### To do
Return only the lines of the listing below that run from the line with "(* Write a = d(i,P), b" through the line with "weight if it votes P).", both ends included, exactly as written.
[[ Data section open ]]
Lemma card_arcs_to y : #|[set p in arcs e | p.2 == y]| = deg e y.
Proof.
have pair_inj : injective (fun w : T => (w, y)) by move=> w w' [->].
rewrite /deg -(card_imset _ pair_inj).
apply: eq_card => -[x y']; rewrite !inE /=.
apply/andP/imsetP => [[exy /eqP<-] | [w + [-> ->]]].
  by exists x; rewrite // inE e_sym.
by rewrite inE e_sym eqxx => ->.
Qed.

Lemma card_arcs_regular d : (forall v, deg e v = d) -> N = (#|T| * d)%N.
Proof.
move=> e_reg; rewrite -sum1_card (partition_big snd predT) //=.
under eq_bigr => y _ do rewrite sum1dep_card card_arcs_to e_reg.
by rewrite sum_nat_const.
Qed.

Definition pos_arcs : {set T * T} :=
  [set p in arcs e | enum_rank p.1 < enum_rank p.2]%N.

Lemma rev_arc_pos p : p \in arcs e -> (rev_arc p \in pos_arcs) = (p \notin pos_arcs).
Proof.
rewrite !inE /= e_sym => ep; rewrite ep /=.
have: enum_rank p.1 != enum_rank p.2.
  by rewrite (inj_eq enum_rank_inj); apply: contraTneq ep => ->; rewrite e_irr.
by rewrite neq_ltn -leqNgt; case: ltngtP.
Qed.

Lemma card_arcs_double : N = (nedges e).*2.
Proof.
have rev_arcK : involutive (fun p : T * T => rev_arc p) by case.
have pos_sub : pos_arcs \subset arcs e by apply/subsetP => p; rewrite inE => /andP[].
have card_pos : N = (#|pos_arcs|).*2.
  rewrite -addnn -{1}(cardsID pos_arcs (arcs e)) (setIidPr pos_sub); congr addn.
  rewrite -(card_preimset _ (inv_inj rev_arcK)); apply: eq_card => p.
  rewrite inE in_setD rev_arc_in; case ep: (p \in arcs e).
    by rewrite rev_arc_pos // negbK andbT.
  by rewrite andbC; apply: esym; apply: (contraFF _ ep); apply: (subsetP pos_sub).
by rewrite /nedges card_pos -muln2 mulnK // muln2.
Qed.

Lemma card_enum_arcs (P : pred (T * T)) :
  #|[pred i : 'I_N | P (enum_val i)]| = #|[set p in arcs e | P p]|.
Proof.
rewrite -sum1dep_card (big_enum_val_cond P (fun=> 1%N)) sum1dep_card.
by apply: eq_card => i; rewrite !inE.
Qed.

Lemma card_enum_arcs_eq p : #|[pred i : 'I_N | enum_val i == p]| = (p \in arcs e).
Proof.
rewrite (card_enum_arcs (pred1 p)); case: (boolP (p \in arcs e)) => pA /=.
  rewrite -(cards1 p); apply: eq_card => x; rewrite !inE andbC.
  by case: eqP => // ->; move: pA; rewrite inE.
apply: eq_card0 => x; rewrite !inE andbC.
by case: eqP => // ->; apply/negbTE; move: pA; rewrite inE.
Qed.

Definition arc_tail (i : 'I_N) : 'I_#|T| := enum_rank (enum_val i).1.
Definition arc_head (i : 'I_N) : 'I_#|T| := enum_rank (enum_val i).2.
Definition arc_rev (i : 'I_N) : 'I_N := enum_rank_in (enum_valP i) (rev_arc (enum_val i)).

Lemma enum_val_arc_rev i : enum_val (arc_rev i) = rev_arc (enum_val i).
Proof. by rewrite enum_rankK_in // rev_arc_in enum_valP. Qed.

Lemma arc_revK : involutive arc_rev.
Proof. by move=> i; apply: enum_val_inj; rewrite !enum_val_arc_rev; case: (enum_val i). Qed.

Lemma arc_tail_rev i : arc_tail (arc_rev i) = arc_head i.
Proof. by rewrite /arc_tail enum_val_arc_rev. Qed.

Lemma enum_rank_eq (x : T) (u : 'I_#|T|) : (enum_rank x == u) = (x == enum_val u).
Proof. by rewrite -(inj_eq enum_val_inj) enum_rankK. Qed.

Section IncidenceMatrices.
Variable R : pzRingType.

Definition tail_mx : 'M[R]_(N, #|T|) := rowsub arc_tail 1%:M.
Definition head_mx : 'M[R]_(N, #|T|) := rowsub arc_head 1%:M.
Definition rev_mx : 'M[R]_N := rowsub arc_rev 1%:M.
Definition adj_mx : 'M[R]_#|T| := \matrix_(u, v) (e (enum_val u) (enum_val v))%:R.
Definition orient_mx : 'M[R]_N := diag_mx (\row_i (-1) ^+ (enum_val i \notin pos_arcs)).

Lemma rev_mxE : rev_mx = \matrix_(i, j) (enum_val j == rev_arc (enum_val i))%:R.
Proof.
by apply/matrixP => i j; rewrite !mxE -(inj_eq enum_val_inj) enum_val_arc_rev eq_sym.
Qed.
[[ Data section closed ]]
[[ Data section open ]]
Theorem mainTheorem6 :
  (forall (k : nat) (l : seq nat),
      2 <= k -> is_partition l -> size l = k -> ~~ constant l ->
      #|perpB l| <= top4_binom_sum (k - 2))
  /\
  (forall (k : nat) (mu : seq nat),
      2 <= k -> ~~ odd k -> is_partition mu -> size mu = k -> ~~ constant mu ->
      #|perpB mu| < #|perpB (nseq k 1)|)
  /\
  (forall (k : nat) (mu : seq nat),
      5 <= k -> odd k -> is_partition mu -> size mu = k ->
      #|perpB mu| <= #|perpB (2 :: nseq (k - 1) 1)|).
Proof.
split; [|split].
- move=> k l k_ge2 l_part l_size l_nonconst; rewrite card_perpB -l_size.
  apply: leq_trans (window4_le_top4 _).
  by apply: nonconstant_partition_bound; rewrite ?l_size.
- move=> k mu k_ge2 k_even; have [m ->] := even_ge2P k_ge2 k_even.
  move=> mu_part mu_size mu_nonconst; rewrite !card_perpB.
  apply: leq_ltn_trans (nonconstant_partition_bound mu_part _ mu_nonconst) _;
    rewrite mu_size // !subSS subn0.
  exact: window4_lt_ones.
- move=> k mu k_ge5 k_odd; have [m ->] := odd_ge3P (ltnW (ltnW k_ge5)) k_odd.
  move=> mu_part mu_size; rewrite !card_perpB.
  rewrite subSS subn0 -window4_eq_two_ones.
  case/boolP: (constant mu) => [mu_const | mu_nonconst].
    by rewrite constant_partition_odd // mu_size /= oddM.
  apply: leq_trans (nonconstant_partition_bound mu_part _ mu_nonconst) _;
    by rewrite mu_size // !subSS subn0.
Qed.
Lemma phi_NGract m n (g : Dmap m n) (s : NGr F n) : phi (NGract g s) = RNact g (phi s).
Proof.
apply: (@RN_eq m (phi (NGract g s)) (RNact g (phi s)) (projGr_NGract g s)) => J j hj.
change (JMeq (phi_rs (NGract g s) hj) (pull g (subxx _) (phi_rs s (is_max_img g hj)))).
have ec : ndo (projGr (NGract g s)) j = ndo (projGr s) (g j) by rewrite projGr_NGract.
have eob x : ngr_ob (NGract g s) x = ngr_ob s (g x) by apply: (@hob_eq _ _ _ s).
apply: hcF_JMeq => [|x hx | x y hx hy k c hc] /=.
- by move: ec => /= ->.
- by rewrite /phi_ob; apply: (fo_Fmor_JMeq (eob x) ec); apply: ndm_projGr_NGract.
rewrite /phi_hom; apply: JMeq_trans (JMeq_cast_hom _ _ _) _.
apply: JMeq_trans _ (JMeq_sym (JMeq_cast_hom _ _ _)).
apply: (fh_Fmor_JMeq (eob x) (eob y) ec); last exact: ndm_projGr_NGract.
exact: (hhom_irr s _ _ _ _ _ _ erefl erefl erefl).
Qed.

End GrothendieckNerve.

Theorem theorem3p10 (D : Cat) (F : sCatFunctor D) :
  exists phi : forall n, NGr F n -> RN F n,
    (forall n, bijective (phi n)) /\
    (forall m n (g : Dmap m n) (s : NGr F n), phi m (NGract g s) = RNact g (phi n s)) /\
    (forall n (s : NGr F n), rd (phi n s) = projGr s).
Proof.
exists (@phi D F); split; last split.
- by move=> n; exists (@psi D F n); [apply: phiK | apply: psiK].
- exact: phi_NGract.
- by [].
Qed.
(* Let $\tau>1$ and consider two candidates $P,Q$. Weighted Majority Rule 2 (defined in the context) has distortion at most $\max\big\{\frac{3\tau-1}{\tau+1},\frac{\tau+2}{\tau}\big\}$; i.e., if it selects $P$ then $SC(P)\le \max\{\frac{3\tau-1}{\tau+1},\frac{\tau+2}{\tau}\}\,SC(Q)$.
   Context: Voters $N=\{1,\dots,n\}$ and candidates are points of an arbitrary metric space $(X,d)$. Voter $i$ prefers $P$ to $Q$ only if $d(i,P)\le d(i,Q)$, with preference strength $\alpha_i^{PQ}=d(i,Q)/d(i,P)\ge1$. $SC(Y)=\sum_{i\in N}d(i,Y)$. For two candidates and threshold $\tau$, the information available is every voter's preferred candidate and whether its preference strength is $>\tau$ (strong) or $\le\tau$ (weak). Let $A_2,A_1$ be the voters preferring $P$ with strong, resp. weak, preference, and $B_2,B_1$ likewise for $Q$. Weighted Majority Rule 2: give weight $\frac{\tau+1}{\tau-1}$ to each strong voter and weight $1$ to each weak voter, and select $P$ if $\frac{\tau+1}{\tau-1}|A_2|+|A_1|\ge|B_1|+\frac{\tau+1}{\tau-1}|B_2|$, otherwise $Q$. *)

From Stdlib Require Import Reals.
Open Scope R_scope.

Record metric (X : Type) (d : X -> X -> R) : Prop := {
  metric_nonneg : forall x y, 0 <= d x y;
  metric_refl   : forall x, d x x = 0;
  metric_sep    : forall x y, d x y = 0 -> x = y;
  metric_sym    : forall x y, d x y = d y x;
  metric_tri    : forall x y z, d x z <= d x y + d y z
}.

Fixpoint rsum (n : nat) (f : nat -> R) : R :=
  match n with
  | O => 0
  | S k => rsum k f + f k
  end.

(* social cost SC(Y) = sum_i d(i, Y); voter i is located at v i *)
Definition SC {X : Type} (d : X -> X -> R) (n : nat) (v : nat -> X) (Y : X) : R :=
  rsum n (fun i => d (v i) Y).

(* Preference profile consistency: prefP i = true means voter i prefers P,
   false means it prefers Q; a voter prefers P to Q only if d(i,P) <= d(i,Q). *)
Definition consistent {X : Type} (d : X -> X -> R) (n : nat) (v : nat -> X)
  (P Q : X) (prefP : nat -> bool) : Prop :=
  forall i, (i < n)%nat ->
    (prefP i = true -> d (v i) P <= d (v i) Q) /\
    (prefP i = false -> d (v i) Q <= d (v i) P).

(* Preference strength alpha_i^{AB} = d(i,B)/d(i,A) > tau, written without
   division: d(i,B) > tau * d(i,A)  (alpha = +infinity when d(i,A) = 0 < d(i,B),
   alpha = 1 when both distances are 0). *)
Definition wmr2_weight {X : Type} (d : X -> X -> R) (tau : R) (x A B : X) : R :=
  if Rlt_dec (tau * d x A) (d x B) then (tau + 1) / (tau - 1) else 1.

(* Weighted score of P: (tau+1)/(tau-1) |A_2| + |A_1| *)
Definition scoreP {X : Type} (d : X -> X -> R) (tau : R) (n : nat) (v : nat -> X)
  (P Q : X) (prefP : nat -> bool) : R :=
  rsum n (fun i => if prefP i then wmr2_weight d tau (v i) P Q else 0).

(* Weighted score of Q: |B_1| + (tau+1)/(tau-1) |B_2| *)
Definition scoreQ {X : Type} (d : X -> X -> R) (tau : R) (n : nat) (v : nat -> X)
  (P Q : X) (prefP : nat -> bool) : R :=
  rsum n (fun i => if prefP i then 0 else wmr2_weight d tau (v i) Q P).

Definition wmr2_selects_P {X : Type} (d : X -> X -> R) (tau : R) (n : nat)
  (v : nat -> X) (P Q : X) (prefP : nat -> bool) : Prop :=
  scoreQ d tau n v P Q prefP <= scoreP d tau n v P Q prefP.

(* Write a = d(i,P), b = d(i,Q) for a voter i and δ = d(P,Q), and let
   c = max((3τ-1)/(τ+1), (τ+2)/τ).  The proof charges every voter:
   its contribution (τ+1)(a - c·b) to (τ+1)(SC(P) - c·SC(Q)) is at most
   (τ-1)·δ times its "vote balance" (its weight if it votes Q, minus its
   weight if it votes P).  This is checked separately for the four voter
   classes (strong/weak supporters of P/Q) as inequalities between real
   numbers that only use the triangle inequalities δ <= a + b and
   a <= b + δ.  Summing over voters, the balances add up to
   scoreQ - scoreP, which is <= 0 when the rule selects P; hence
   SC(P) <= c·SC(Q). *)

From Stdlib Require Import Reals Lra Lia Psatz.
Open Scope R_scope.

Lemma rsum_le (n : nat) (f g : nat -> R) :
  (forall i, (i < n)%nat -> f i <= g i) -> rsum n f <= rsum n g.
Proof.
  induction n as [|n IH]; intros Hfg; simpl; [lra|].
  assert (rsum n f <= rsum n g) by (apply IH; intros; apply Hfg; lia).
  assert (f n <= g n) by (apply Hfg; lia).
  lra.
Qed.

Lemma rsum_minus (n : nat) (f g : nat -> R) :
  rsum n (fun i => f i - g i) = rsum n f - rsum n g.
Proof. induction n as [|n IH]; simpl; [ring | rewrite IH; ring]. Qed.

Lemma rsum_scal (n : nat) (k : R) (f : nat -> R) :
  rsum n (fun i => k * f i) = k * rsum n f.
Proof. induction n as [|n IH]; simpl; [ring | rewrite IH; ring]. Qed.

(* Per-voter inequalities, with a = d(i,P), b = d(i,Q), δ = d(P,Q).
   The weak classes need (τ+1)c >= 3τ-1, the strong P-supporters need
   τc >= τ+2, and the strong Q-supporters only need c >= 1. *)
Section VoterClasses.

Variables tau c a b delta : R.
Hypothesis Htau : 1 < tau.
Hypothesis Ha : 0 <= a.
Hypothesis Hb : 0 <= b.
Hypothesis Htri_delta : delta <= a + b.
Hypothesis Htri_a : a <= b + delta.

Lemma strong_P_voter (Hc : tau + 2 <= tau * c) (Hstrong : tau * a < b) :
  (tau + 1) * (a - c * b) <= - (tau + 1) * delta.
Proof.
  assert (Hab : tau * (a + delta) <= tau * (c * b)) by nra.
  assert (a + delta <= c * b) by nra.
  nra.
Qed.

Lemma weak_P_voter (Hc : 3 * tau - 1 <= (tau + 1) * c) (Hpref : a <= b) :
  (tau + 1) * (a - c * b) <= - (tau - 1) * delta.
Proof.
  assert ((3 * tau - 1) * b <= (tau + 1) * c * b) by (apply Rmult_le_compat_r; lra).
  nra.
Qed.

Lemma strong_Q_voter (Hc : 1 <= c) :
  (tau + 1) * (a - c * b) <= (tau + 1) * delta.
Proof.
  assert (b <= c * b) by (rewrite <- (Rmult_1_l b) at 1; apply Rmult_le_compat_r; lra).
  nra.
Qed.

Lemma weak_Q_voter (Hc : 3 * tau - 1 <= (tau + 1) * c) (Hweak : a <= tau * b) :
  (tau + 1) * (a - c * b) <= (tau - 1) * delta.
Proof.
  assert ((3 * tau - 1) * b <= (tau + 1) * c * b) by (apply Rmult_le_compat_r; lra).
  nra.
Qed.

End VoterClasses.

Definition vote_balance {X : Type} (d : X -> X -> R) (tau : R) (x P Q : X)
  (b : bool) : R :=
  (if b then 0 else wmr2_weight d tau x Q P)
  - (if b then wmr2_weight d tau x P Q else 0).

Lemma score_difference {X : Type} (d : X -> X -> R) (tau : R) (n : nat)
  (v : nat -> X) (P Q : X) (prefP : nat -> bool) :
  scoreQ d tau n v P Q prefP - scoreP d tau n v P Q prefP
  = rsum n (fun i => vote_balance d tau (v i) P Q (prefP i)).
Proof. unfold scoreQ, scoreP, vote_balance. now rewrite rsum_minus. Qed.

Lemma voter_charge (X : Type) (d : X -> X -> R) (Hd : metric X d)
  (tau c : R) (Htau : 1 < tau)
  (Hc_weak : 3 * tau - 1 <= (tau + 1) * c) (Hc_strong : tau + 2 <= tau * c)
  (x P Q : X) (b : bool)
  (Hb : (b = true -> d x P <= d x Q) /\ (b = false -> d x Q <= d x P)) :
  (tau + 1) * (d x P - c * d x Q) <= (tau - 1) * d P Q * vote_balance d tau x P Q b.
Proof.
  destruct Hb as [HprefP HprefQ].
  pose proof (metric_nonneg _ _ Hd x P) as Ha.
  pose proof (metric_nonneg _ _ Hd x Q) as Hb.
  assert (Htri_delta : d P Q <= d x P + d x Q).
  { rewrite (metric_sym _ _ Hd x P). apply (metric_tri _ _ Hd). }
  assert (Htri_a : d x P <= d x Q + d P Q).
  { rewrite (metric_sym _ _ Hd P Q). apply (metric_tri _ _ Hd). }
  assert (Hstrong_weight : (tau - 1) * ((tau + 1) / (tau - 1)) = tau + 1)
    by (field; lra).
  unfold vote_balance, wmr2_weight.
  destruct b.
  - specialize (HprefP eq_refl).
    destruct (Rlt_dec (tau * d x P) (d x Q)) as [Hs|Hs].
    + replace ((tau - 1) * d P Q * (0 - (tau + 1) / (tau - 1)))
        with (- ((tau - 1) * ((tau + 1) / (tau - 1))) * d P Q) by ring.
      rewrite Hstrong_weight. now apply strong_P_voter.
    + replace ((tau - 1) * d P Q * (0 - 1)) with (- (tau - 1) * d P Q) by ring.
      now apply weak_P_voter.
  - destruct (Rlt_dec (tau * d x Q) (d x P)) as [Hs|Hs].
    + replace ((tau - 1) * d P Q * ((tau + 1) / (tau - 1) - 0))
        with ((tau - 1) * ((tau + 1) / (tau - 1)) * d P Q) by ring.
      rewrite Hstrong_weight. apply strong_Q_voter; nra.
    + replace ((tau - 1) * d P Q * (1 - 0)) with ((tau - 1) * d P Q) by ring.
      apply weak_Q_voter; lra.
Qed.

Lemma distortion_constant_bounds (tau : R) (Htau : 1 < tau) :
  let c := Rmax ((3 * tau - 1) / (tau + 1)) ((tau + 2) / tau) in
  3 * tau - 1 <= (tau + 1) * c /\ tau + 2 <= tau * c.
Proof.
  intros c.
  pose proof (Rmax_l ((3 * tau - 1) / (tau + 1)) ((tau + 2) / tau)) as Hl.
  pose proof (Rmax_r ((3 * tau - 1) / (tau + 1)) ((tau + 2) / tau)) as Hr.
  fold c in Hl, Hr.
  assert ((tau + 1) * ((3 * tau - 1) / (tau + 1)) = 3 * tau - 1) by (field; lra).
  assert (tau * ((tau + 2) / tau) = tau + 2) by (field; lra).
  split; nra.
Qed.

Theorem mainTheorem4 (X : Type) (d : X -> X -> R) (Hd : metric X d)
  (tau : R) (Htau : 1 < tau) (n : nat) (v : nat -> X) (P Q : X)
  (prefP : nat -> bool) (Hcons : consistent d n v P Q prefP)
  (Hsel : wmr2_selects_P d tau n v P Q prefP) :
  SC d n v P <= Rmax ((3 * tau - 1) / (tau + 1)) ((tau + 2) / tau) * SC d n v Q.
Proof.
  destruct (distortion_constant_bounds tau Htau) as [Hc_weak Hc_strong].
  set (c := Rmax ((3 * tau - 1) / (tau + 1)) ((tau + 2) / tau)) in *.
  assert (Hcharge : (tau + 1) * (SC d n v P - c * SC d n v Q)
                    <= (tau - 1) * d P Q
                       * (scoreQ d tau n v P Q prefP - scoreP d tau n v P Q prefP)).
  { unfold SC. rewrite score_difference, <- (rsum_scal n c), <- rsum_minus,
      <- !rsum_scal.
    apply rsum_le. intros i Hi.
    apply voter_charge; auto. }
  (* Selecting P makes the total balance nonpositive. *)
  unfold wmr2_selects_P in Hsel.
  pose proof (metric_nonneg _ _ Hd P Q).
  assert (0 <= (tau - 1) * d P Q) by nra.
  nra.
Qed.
[[ Data section closed ]]
### Exercise answer
(* Write a = d(i,P), b = d(i,Q) for a voter i and δ = d(P,Q), and let
   c = max((3τ-1)/(τ+1), (τ+2)/τ).  The proof charges every voter:
   its contribution (τ+1)(a - c·b) to (τ+1)(SC(P) - c·SC(Q)) is at most
   (τ-1)·δ times its "vote balance" (its weight if it votes Q, minus its
   weight if it votes P).  This is checked separately for the four voter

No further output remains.